Check whether you use the affected feature
A CVSS 10.0 has small real impact if you don't use the component; a mid-score is top priority if you hit it in production. Judge by the version actually running.
A published CVSS 10.0 dismissed as "not my problem" led to a fraud-billing incident. A score is never a reason to neglect. → The neglected CVSS 10.0
Read next
- Glossary: What is a CVE · What is RCE
- Defense: Bake CVE/CVSS into your workflow
FAQ
QDoes CVSS have a real scoring rubric, or is it a guess?
It has a defined rubric. You select metrics — attack vector (AV), attack complexity (AC), privileges required (PR), user interaction (UI), scope (S), and confidentiality/integrity/availability (CIA) — and run them through a public formula to get 0.0–10.0. It's designed to be reproducible: the same inputs give the same score.
QWho assigns the score?
The standard is maintained by FIRST. Individual CVE scores are assigned by NVD (NIST) or vendors following the rubric. The same vulnerability can be scored slightly differently by different assessors.
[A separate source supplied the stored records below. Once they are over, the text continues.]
Lemma Om_step_fst x : Om *m (scheme x).1 = cosOm *m (Om *m x.1) + sinOm *m adjvel x.
Proof. by rewrite step_fst mulmxDr Om_h_sincOm diagR_mulmxC. Qed.

Lemma step_rotation x :
  rdot (Om *m (scheme x).1) (Om *m (scheme x).1)
  + rdot (adjvel (scheme x) + h%:C *: (sincOm *m force (scheme x).1))
         (adjvel (scheme x) + h%:C *: (sincOm *m force (scheme x).1))
  = rdot (Om *m x.1) (Om *m x.1) + rdot (adjvel x) (adjvel x).
Proof. by rewrite Om_step_fst step_snd rdot_rotation // => j; apply: cos2Dsin2. Qed.

Lemma rdot_force u v : rdot (force u) v = rdot u (force v).
Proof. by rewrite /force rdot_diagR rdot_selfadjoint // rdot_diagR. Qed.

Lemma rdot_step_force x :
  rdot (scheme x).1 (force x.1)
  = rdot (force (scheme x).1) (cosOm *m (scheme x).1)
    - h * rdot (sincOm *m force (scheme x).1)
               (adjvel (scheme x) + h%:C *: (sincOm *m force (scheme x).1)).
Proof.
rewrite -rdot_force {1}(step_fst_rev x) rdotBr rdotZr.
by rewrite -(rdot_diagR (fun j => sinc (h * w j))).
Qed.

Lemma energy_step x : energy (scheme x) = energy x.
Proof.
move: (step_rotation x) (rdot_step_force x); rewrite /energy.
(* Abstracting [scheme x] and the vectors keeps unification (in [rewrite] and
   [lra]) from unfolding [step] and matrix products. *)
generalize (scheme x) => y; rewrite (step_fst y).
move: (adjvel y) (adjvel x) y.1 x.1 => v' v q' q.
rewrite rdot_sqrD !rdotZr rdotDl !rdotZl (rdot_diagR _ v') rdotDr rdotZr.
generalize (Om *m q') (Om *m q) (cosOm *m q') (force q') (force q) => Zq' Zq Cq' Fq' Fq.
by rewrite (rdotC Fq') (rdotC (sincOm *m Fq')); lra.
Qed.

Lemma energy_iter n x : energy (iter n scheme x) = energy x.
Proof. by elim: n => [//|n IHn]; rewrite iterS energy_step; exact: IHn. Qed.

Lemma rdot_fun_mx_le (f : R -> R) (K : R) u : (forall r, `|f r| <= K) ->
  rdot (fun_mx f h w *m u) (fun_mx f h w *m u) <= K ^+ 2 * rdot u u.
Proof. by move=> fK; apply: rdot_diagR_le => j; apply: sqr_le_of_normr_le. Qed.

Variable c0 : R.
Hypothesis psi1_le : forall r, `|psi1 r| <= c0.
Hypothesis phi_le : forall r, `|phi r| <= c0.
Hypothesis h_le1 : h <= 1.
Hypothesis w_ge : forall j, 2^-1 * c0 ^+ 2 * opnorm A + 1 <= w j.

Let m := c0 ^+ 2 * opnorm A.

Lemma m_ge0 : 0 <= m.
Proof. by rewrite mulr_ge0 ?sqr_ge0 ?opnorm_ge0. Qed.

Lemma rdot_A_Phi_le u :
  rdot (A *m (Phi *m u)) (A *m (Phi *m u)) <= (c0 * opnorm A) ^+ 2 * rdot u u.
Proof.
apply: le_trans (rdot_mulmx_le _ _) _.
have -> : (c0 * opnorm A) ^+ 2 * rdot u u = opnorm A ^+ 2 * (c0 ^+ 2 * rdot u u).
  by ring.
by rewrite ler_wpM2l ?sqr_ge0 ?rdot_fun_mx_le.
Qed.

Lemma force_le u : rdot (force u) (force u) <= m ^+ 2 * rdot u u.
Proof.
apply: le_trans (rdot_fun_mx_le _ phi_le) _.
have -> : m ^+ 2 * rdot u u = c0 ^+ 2 * ((c0 * opnorm A) ^+ 2 * rdot u u).
  by rewrite /m; ring.
by rewrite ler_wpM2l ?sqr_ge0 ?rdot_A_Phi_le.
Qed.

Lemma sincOm_force_le u :
  rdot (sincOm *m force u) (sincOm *m force u) <= m ^+ 2 * rdot u u.
Proof.
rewrite /force -Psi1_mulmx; apply: le_trans (rdot_fun_mx_le _ psi1_le) _.
have -> : m ^+ 2 * rdot u u = c0 ^+ 2 * ((c0 * opnorm A) ^+ 2 * rdot u u).
  by rewrite /m; ring.
by rewrite ler_wpM2l ?sqr_ge0 ?rdot_A_Phi_le.
Qed.

Lemma Om_ge u : (2^-1 * m + 1) ^+ 2 * rdot u u <= rdot (Om *m u) (Om *m u).
Proof.
apply: rdot_diagR_ge => j; apply: lerXn2r; rewrite ?nnegrE.
- by have := m_ge0; lra.
- exact: ltW.
- by rewrite /m mulrA.
Qed.

Lemma rdot_le_Om u : rdot u u <= rdot (Om *m u) (Om *m u).
Proof.
apply: le_trans (Om_ge u); rewrite ler_peMl ?rdot_ge0 // exprn_ege1 //.
by have := m_ge0; lra.
Qed.

Lemma Om_step_fst_le x : rdot (Om *m (scheme x).1) (Om *m (scheme x).1)
  <= rdot (Om *m x.1) (Om *m x.1) + rdot (adjvel x) (adjvel x).
Proof. by rewrite -(step_rotation x) lerDl rdot_ge0. Qed.

Lemma adjvel_le x :
  rdot (adjvel x) (adjvel x) <= 2 * rdot x.2 x.2 + 2^-1 * m ^+ 2 * rdot x.1 x.1.
Proof.
apply: le_trans (rdot_sqrB_le _ _) _; rewrite rdotZl rdotZr lerD2l.
have := sincOm_force_le x.1; have := rdot_ge0 (sincOm *m force x.1).
have : h * h <= 1 by rewrite -expr2 exprn_ile1 // ltW.
nra.
Qed.

Lemma energy_lower x : rdot x.1 x.1 <= 2 * energy x.
Proof.
have m0 := m_ge0; have t_gt0 : 0 < m + 1 by lra.
have hq' : (m + 1) * rdot (scheme x).1 (scheme x).1
           <= rdot (Om *m x.1) (Om *m x.1) + rdot (adjvel x) (adjvel x).
  apply: le_trans (le_trans _ (Om_ge _)) (Om_step_fst_le x).
  by apply: ler_wpM2r; [exact: rdot_ge0 | nra].
have := rdot_young (- (m + 1)) (scheme x).1 (force x.1).
have := force_le x.1; have := Om_ge x.1; have := rdot_ge0 x.1.
have := rdot_ge0 (adjvel x); move: hq'; rewrite /energy sqrrN.
generalize (scheme x).1 (adjvel x) (force x.1) (Om *m x.1) => q' v Fq Zq.
move: (rdot q' q') (rdot q' Fq) (rdot Fq Fq) (rdot Zq Zq) (rdot v v) (rdot x.1 x.1).
move=> b' X F Z V b hq' hV hb hq hF hX.
have hq'' : (m + 1) ^+ 2 * b' <= (m + 1) * (Z + V).
  by rewrite expr2 -mulrA; apply: ler_wpM2l => //; exact: ltW.
have hW : (m + 1) * ((2^-1 * m + 1) ^+ 2 * b) <= (m + 1) * Z.
  by apply: ler_wpM2l => //; exact: ltW.
have hm : 0 <= ((m + 1) * (2^-1 * m + 1) ^+ 2 - m ^+ 2 - (m + 1)) * b.
  rewrite mulr_ge0 //.
  have -> : (m + 1) * (2^-1 * m + 1) ^+ 2 - m ^+ 2 - (m + 1)
            = m * (4^-1 * m ^+ 2 + 4^-1 * m + 1) by field.
  by apply: mulr_ge0 => //; nra.
by rewrite -(ler_pM2l t_gt0); nra.
Qed.

Lemma energy_upper x :
  2 * energy x
  <= 3 * (2 * rdot x.2 x.2 + m ^+ 2 * rdot x.1 x.1 + rdot (Om *m x.1) (Om *m x.1)).
Proof.
have := rdot_young 1 (scheme x).1 (force x.1).
have := le_trans (rdot_le_Om (scheme x).1) (Om_step_fst_le x).
have := force_le x.1; have := adjvel_le x.
have := mulr_ge0 (sqr_ge0 m) (rdot_ge0 x.1).
rewrite /energy expr1n mul1r.
generalize (scheme x).1 (adjvel x) (force x.1) (Om *m x.1) => q' v Fq Zq; lra.
Qed.

Lemma iter_step_sqr_le n x :
  rdot (iter n scheme x).1 (iter n scheme x).1
  <= 3 * (2 * rdot x.2 x.2 + m ^+ 2 * rdot x.1 x.1 + rdot (Om *m x.1) (Om *m x.1)).
Proof. by apply: le_trans (energy_lower _) _; rewrite energy_iter energy_upper. Qed.

End Scheme.

Theorem lemma5 (R : realType) :
  exists C : R -> R -> R -> R -> R -> R,
  forall (d : nat) (w : 'I_d -> R) (A : 'M[R[i]]_d) (h : R)
         (psi1 phi : R -> R) (c0 c1 : R) (q0 qd0 : 'cV[R[i]]_d),
    (0 < d)%N ->
    (forall j, 0 < w j) ->
    selfadjoint A ->
    0 < h -> h <= 1 ->
    (forall x, psi1 (- x) = psi1 x) ->
    (forall x, phi (- x) = phi x) ->
    (forall x, psi1 x = sinc x * phi x) ->
    0 <= c0 -> 0 <= c1 ->
    (forall x, `|psi1 x| <= c0) ->
    (forall x, `|phi x| <= c0) ->
    (forall x, `|phi x - 1| <= c1 * `|x|) ->
    (* omega = min_j w_j >= c0^2 ||A|| / 2 + 1 *)
    (forall j, 2^-1 * c0 ^+ 2 * opnorm A + 1 <= w j) ->
    forall n : nat,
      vnorm (traj w A h psi1 phi q0 qd0 n).1
        <= C c0 (opnorm A) (vnorm q0) (vnorm (diagR w *m q0)) (vnorm qd0).
Proof.
exists (fun c0 a Q Z P => Num.sqrt (3 * (2 * P ^+ 2 + (c0 ^+ 2 * a * Q) ^+ 2 + Z ^+ 2))).
move=> d w A h psi1 phi c0 c1 q0 qd0 _ w_gt0 A_selfadjoint h_gt0 h_le1 _ _
  psi1_sinc _ _ psi1_le phi_le _ w_ge n.
rewrite vnormE; apply: ler_wsqrtr; rewrite exprMn !sqr_vnorm.
exact: (iter_step_sqr_le w_gt0 h_gt0 psi1_sinc A_selfadjoint psi1_le phi_le h_le1 w_ge
  n (q0, qd0)).
Qed.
QFrom what score is it dangerous?
As a guide: 9.0–10.0 Critical, 7.0–8.9 High, 4.0–6.9 Medium, 0.1–3.9 Low. But the score is a worst-case theoretical value — also check whether it actually applies to your setup.
QShould a high CVSS always be fixed first?
Usually yes, but more important is whether it's actively exploited (KEV) and whether you use the affected feature. A 10.0 you don't use may be zero impact; a mid-score under active exploitation is top priority.